-- DATA FOR REVIEW follows --

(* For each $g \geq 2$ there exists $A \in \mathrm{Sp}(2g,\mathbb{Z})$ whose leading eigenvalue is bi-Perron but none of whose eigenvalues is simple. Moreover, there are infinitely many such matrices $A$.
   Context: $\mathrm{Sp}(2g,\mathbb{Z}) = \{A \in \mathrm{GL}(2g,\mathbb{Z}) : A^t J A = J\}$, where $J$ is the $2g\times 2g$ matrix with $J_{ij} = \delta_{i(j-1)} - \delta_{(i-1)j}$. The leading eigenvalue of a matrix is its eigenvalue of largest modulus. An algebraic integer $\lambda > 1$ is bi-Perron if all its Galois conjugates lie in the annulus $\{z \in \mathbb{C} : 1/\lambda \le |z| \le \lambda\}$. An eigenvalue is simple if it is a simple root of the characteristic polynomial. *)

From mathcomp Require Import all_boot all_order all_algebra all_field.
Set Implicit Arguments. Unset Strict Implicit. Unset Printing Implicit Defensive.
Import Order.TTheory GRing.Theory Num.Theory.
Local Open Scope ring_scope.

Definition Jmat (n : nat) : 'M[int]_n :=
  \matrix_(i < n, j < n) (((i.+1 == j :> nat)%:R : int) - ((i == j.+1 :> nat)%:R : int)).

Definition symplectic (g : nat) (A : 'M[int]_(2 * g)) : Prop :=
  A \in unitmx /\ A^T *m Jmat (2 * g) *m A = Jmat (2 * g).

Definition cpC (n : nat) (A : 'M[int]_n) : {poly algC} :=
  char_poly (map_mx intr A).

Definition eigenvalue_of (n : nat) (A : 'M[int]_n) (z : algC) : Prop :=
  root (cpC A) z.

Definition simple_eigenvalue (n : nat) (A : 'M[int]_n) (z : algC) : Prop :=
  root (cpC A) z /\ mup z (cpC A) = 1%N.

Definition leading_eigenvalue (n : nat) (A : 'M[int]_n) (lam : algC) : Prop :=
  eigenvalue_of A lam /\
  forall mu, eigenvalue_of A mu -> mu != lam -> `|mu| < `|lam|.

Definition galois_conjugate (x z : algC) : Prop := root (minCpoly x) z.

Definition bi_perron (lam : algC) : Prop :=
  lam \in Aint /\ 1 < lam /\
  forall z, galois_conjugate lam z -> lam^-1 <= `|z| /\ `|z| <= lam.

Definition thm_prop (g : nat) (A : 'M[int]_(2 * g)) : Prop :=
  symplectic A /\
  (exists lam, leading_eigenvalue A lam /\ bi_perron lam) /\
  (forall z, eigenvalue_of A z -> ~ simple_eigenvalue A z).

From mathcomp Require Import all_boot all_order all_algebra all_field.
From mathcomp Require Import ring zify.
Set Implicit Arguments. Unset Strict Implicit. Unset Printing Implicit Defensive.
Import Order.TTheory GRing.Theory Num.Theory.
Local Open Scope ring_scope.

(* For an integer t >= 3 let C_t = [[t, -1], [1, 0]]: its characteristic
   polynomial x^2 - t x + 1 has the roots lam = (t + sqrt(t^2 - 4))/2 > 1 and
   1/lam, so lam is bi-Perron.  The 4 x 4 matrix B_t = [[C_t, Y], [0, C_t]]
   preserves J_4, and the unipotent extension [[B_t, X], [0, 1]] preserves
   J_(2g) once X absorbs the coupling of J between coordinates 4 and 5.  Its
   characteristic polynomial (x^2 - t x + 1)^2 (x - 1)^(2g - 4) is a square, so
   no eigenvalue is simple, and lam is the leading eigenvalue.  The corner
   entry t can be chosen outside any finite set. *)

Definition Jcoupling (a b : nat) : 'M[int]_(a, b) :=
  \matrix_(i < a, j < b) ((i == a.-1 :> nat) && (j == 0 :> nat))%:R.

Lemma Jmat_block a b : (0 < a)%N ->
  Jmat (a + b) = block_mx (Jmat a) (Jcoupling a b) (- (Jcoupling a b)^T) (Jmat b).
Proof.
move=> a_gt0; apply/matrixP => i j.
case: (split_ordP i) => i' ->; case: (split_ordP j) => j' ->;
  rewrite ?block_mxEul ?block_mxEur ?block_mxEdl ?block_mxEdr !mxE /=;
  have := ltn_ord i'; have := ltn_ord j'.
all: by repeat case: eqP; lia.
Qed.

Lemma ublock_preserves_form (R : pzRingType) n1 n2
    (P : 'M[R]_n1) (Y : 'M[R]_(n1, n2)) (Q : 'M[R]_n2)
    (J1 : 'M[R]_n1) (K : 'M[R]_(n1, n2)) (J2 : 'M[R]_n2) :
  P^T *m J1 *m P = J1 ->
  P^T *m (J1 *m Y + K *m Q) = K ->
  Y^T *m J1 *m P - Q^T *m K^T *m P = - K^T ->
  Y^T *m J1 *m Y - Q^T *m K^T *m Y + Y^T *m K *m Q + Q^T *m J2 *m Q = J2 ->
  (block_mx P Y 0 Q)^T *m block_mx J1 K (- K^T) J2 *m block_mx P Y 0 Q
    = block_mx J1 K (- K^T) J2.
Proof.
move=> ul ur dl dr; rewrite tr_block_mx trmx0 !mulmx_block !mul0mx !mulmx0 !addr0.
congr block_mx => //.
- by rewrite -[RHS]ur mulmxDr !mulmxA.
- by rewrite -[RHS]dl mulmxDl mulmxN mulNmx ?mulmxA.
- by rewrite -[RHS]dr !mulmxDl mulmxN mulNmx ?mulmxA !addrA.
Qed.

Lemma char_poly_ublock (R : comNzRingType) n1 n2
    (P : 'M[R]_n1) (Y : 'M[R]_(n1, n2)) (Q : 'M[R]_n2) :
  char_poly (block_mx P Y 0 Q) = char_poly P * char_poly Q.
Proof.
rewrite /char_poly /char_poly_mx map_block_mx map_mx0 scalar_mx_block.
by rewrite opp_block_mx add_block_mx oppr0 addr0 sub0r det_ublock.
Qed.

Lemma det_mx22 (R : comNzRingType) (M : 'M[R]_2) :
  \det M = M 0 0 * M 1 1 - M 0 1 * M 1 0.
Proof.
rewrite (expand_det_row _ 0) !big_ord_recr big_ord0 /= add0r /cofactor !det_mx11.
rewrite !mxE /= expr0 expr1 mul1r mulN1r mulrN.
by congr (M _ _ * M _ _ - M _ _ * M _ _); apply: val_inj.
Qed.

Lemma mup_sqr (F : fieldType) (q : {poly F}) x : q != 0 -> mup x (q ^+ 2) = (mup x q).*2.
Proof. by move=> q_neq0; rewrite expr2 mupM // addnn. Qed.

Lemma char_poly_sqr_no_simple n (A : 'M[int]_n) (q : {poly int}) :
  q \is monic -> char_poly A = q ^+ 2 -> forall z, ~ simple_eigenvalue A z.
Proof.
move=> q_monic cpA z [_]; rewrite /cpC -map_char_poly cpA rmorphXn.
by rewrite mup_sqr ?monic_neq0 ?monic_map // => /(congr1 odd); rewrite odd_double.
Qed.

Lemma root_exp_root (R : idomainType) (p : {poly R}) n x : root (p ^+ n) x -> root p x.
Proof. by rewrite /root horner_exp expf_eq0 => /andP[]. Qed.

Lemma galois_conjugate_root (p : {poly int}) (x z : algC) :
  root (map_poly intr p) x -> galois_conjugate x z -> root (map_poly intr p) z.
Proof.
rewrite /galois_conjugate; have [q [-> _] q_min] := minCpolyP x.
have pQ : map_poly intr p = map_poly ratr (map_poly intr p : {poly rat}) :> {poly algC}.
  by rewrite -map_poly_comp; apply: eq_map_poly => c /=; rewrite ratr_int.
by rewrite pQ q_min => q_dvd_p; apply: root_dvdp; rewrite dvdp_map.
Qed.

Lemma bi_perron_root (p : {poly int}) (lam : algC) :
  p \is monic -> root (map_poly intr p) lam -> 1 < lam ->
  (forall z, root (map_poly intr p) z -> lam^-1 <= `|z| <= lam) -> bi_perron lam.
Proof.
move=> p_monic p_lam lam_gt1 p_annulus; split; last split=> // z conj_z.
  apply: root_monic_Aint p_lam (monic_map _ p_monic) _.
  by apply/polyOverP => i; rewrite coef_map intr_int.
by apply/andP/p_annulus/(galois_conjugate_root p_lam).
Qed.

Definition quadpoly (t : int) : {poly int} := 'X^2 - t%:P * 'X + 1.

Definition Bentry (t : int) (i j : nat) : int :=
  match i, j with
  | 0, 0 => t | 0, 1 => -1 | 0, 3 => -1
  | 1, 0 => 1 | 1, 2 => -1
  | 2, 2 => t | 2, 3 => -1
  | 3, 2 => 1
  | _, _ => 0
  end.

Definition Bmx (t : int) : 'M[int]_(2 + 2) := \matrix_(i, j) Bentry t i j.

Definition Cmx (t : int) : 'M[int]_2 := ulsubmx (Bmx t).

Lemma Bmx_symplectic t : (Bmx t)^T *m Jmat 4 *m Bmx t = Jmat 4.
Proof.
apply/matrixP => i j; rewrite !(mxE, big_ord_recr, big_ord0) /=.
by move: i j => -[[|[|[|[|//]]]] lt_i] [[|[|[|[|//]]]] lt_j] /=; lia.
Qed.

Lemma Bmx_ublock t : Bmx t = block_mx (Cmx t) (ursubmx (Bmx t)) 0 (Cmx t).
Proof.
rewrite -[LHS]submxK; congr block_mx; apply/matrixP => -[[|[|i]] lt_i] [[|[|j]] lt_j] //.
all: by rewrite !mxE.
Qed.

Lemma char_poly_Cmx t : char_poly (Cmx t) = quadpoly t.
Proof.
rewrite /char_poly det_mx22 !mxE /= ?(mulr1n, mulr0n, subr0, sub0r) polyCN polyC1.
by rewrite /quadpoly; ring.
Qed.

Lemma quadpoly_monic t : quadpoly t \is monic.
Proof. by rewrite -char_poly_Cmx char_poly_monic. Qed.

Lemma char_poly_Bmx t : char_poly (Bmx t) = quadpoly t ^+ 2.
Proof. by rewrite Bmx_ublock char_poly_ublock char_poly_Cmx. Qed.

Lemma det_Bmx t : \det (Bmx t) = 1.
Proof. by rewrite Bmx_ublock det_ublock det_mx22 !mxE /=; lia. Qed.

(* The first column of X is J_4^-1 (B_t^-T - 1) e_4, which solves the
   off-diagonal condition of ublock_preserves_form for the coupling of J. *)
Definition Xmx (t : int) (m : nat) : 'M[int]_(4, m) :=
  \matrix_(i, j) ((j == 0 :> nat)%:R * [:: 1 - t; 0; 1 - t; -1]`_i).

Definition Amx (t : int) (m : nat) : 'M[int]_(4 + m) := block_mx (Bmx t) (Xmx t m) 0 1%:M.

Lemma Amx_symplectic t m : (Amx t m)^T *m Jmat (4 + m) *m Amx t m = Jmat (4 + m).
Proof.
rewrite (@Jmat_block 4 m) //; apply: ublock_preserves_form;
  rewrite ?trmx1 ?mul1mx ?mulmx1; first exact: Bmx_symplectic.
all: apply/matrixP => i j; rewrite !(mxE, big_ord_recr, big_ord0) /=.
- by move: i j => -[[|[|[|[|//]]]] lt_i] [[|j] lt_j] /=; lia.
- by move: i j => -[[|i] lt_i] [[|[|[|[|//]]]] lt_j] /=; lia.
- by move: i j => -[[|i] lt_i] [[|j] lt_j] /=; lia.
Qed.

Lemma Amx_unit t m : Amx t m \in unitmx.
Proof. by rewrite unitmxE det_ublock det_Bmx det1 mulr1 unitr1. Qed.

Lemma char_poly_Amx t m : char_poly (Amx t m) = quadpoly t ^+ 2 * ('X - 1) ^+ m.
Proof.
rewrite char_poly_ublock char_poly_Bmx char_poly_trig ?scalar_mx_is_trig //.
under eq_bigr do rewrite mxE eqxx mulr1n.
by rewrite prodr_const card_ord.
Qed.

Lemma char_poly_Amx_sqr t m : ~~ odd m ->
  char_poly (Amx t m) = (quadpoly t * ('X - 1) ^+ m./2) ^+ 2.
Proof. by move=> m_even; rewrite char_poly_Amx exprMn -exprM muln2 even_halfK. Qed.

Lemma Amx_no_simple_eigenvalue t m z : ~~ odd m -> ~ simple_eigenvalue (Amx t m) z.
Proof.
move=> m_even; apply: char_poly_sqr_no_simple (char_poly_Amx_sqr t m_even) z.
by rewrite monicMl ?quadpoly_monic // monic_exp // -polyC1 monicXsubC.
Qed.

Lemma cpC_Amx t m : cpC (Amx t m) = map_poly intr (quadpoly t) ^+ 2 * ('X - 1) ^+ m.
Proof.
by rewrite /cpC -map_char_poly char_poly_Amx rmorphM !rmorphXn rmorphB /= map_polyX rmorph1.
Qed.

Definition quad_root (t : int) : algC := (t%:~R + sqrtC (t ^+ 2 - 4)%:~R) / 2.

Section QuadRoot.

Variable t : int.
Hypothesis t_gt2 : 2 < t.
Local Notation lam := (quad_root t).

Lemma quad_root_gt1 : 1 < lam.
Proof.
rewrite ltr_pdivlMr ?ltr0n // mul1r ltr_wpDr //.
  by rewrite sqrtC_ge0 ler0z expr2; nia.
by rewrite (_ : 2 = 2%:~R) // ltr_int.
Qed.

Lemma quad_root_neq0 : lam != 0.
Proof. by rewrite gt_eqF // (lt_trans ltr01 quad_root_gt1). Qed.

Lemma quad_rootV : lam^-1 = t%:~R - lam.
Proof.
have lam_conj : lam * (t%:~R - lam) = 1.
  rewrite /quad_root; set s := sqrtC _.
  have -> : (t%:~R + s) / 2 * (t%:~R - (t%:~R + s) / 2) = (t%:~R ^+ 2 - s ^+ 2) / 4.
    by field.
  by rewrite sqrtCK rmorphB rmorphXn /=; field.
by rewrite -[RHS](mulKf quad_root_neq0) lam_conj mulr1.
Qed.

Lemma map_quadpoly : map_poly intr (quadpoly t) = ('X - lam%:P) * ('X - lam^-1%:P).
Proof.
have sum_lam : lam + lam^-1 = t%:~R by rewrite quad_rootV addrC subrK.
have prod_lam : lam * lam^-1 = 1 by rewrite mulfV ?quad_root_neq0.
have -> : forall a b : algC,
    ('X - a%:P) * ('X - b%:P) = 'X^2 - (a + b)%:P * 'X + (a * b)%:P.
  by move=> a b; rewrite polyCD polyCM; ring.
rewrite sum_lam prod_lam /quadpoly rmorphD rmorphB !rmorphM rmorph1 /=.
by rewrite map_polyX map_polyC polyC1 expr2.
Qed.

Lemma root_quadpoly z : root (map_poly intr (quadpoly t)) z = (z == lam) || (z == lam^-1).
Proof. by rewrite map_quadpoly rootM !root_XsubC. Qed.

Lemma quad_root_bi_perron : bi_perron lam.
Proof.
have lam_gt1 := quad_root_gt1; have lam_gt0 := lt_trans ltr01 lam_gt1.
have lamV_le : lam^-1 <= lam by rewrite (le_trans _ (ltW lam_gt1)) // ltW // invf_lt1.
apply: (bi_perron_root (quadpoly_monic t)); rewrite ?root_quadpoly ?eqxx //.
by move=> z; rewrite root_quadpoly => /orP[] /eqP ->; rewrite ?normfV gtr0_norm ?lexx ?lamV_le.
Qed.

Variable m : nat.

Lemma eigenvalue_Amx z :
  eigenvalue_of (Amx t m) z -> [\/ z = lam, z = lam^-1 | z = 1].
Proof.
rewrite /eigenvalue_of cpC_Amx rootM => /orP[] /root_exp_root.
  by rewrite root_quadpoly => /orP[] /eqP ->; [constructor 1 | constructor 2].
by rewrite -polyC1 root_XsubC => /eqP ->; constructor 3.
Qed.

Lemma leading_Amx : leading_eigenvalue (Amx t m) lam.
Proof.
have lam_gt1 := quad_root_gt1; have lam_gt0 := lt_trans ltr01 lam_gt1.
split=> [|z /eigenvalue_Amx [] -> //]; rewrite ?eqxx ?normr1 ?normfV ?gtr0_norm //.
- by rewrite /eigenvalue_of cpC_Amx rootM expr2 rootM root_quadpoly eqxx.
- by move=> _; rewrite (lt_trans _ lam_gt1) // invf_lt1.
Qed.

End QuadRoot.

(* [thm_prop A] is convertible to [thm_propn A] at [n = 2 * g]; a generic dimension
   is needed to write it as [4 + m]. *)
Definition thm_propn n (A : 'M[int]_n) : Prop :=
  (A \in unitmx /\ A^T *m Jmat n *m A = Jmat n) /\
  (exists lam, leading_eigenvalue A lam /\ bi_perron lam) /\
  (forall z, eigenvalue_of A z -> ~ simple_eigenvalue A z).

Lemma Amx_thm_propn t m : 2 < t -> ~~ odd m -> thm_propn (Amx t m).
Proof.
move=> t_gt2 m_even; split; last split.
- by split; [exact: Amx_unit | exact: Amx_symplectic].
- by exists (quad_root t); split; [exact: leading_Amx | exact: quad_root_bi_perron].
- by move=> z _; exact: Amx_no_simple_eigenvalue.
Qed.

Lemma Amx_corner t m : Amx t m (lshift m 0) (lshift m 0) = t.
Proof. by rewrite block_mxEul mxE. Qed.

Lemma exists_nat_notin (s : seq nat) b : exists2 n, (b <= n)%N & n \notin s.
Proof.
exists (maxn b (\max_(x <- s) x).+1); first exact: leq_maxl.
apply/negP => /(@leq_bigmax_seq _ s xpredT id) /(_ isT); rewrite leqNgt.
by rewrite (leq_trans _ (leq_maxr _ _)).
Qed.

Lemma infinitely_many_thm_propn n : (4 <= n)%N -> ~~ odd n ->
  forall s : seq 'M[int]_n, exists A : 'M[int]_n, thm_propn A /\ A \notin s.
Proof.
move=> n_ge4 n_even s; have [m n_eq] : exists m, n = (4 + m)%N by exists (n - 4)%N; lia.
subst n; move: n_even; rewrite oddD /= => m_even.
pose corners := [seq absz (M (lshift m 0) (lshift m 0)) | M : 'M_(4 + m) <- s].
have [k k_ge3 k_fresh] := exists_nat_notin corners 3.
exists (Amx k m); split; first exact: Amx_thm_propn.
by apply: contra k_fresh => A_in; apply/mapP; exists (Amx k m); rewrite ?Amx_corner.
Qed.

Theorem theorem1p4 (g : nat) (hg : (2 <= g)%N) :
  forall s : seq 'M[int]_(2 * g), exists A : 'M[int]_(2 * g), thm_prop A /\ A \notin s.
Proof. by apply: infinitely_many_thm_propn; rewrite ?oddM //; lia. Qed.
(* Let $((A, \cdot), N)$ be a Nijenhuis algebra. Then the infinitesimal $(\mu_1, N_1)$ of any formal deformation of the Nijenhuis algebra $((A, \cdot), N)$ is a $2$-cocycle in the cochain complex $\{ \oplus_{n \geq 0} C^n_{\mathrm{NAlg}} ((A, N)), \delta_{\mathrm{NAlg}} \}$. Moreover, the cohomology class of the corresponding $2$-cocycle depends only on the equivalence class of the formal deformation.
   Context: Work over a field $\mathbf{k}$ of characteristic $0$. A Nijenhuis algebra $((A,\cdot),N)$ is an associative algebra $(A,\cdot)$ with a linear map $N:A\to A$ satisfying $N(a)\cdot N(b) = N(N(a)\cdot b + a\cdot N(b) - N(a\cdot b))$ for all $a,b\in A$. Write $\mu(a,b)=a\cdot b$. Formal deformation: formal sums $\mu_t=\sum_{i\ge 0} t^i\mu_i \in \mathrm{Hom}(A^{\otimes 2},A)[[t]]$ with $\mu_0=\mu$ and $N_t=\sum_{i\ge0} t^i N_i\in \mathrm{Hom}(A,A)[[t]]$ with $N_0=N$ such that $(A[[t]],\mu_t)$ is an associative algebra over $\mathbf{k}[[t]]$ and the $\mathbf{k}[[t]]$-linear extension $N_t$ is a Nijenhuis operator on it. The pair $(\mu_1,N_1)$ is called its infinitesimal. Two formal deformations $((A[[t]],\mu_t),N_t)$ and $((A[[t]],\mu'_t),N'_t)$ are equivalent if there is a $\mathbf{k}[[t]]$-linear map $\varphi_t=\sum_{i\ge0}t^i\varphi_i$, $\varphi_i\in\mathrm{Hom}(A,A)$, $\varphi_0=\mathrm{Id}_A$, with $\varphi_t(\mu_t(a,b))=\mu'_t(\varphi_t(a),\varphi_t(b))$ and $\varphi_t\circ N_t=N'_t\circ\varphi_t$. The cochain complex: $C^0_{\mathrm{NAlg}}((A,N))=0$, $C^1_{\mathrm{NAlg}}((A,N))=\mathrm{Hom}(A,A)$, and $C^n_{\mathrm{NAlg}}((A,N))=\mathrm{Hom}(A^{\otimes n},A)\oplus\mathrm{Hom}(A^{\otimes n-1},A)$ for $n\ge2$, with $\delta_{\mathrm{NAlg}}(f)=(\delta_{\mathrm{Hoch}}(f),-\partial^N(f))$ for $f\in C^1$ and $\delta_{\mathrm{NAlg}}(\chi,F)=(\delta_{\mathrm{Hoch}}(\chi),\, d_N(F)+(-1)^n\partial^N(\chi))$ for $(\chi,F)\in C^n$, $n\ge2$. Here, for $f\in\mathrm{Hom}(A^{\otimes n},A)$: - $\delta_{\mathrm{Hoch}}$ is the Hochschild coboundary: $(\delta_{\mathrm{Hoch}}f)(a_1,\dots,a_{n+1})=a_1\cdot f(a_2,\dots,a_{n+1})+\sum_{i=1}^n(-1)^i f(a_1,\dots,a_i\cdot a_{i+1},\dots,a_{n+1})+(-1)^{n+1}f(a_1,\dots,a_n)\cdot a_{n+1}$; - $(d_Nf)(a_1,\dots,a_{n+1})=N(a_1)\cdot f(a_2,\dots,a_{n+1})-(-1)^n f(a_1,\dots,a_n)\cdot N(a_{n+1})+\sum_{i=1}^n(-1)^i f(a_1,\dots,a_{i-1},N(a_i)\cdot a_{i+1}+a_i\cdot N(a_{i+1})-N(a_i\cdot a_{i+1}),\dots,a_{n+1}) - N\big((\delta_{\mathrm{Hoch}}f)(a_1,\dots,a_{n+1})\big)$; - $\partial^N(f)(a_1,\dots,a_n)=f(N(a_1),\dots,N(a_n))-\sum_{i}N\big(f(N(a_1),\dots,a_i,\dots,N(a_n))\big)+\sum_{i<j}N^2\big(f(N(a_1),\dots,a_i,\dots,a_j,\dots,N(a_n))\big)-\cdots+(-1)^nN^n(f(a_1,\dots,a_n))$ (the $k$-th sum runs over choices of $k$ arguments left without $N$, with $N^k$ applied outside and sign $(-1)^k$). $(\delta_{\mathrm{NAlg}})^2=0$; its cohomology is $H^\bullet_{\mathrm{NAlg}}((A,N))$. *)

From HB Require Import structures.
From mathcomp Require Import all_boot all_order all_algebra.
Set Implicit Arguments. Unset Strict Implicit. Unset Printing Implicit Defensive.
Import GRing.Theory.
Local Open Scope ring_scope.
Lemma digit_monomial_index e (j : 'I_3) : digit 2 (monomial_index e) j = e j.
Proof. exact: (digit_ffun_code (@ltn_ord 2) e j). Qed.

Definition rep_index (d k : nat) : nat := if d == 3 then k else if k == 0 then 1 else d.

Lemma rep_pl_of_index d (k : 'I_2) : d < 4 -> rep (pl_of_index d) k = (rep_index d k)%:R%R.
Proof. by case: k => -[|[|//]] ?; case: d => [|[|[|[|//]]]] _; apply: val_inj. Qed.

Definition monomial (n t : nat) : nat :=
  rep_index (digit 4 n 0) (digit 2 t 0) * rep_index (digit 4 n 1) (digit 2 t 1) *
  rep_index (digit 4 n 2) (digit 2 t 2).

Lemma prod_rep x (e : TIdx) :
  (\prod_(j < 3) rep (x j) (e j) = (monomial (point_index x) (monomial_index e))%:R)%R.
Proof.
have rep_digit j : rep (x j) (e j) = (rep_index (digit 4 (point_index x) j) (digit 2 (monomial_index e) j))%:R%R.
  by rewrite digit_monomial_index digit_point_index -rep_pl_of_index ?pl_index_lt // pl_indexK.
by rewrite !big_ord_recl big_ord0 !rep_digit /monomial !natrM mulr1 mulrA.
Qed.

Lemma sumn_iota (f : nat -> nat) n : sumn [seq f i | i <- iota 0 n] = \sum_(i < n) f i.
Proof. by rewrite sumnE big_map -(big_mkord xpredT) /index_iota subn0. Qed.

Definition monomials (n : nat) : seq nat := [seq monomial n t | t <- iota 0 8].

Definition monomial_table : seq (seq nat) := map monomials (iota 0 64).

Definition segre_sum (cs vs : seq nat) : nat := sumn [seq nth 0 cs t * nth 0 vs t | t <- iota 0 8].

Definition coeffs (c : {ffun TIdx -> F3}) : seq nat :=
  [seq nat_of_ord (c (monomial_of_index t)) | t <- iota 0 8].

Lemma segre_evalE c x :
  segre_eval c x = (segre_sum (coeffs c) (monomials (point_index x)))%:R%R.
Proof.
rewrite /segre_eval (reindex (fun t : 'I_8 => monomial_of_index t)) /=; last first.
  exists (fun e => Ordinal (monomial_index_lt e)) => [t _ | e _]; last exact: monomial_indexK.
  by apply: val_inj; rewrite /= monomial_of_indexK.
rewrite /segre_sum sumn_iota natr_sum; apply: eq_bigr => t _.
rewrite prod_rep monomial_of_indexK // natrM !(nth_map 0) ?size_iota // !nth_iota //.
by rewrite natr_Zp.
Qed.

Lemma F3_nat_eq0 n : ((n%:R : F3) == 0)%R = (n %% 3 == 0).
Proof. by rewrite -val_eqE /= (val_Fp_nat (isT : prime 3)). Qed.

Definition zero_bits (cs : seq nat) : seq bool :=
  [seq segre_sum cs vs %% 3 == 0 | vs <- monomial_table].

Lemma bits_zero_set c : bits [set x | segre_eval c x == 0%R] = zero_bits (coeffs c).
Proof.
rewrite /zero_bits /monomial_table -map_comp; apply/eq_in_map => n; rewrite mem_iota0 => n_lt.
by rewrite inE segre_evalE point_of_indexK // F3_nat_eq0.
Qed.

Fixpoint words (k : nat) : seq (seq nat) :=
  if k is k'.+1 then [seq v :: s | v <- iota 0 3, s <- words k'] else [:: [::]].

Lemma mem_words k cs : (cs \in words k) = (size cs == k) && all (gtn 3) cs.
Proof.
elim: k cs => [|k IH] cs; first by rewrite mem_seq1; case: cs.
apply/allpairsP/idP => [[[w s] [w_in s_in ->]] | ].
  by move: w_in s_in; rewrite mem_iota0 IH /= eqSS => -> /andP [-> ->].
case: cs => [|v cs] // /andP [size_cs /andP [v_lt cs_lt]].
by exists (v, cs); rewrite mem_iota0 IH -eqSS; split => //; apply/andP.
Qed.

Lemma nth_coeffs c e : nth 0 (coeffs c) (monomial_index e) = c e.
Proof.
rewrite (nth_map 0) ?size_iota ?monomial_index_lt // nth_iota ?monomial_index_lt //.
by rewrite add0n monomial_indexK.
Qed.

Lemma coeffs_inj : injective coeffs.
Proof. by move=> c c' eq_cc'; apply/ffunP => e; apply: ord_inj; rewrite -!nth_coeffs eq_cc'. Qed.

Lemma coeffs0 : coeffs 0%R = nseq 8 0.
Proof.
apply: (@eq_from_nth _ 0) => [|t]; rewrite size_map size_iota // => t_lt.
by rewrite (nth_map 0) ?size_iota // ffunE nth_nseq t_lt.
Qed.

-- DATA FOR REVIEW concluded --

Using the entries above, extract exactly the span from the line with "K (- K^T) J2." to the line with "by rewrite -map_poly_comp;", both lines included; leave out everything else.

■ RESPONSE TO THE EXERCISE ■
    = block_mx J1 K (- K^T) J2.
Proof.
move=> ul ur dl dr; rewrite tr_block_mx trmx0 !mulmx_block !mul0mx !mulmx0 !addr0.
congr block_mx => //.
- by rewrite -[RHS]ur mulmxDr !mulmxA.
- by rewrite -[RHS]dl mulmxDl mulmxN mulNmx ?mulmxA.
- by rewrite -[RHS]dr !mulmxDl mulmxN mulNmx ?mulmxA !addrA.
Qed.

Lemma char_poly_ublock (R : comNzRingType) n1 n2
    (P : 'M[R]_n1) (Y : 'M[R]_(n1, n2)) (Q : 'M[R]_n2) :
  char_poly (block_mx P Y 0 Q) = char_poly P * char_poly Q.
Proof.
rewrite /char_poly /char_poly_mx map_block_mx map_mx0 scalar_mx_block.
by rewrite opp_block_mx add_block_mx oppr0 addr0 sub0r det_ublock.
Qed.

Lemma det_mx22 (R : comNzRingType) (M : 'M[R]_2) :
  \det M = M 0 0 * M 1 1 - M 0 1 * M 1 0.
Proof.
rewrite (expand_det_row _ 0) !big_ord_recr big_ord0 /= add0r /cofactor !det_mx11.
rewrite !mxE /= expr0 expr1 mul1r mulN1r mulrN.
by congr (M _ _ * M _ _ - M _ _ * M _ _); apply: val_inj.
Qed.

Lemma mup_sqr (F : fieldType) (q : {poly F}) x : q != 0 -> mup x (q ^+ 2) = (mup x q).*2.
Proof. by move=> q_neq0; rewrite expr2 mupM // addnn. Qed.

Lemma char_poly_sqr_no_simple n (A : 'M[int]_n) (q : {poly int}) :
  q \is monic -> char_poly A = q ^+ 2 -> forall z, ~ simple_eigenvalue A z.
Proof.
move=> q_monic cpA z [_]; rewrite /cpC -map_char_poly cpA rmorphXn.
by rewrite mup_sqr ?monic_neq0 ?monic_map // => /(congr1 odd); rewrite odd_double.
Qed.

Lemma root_exp_root (R : idomainType) (p : {poly R}) n x : root (p ^+ n) x -> root p x.
Proof. by rewrite /root horner_exp expf_eq0 => /andP[]. Qed.

Lemma galois_conjugate_root (p : {poly int}) (x z : algC) :
  root (map_poly intr p) x -> galois_conjugate x z -> root (map_poly intr p) z.
Proof.
rewrite /galois_conjugate; have [q [-> _] q_min] := minCpolyP x.
have pQ : map_poly intr p = map_poly ratr (map_poly intr p : {poly rat}) :> {poly algC}.
  by rewrite -map_poly_comp; apply: eq_map_poly => c /=; rewrite ratr_int.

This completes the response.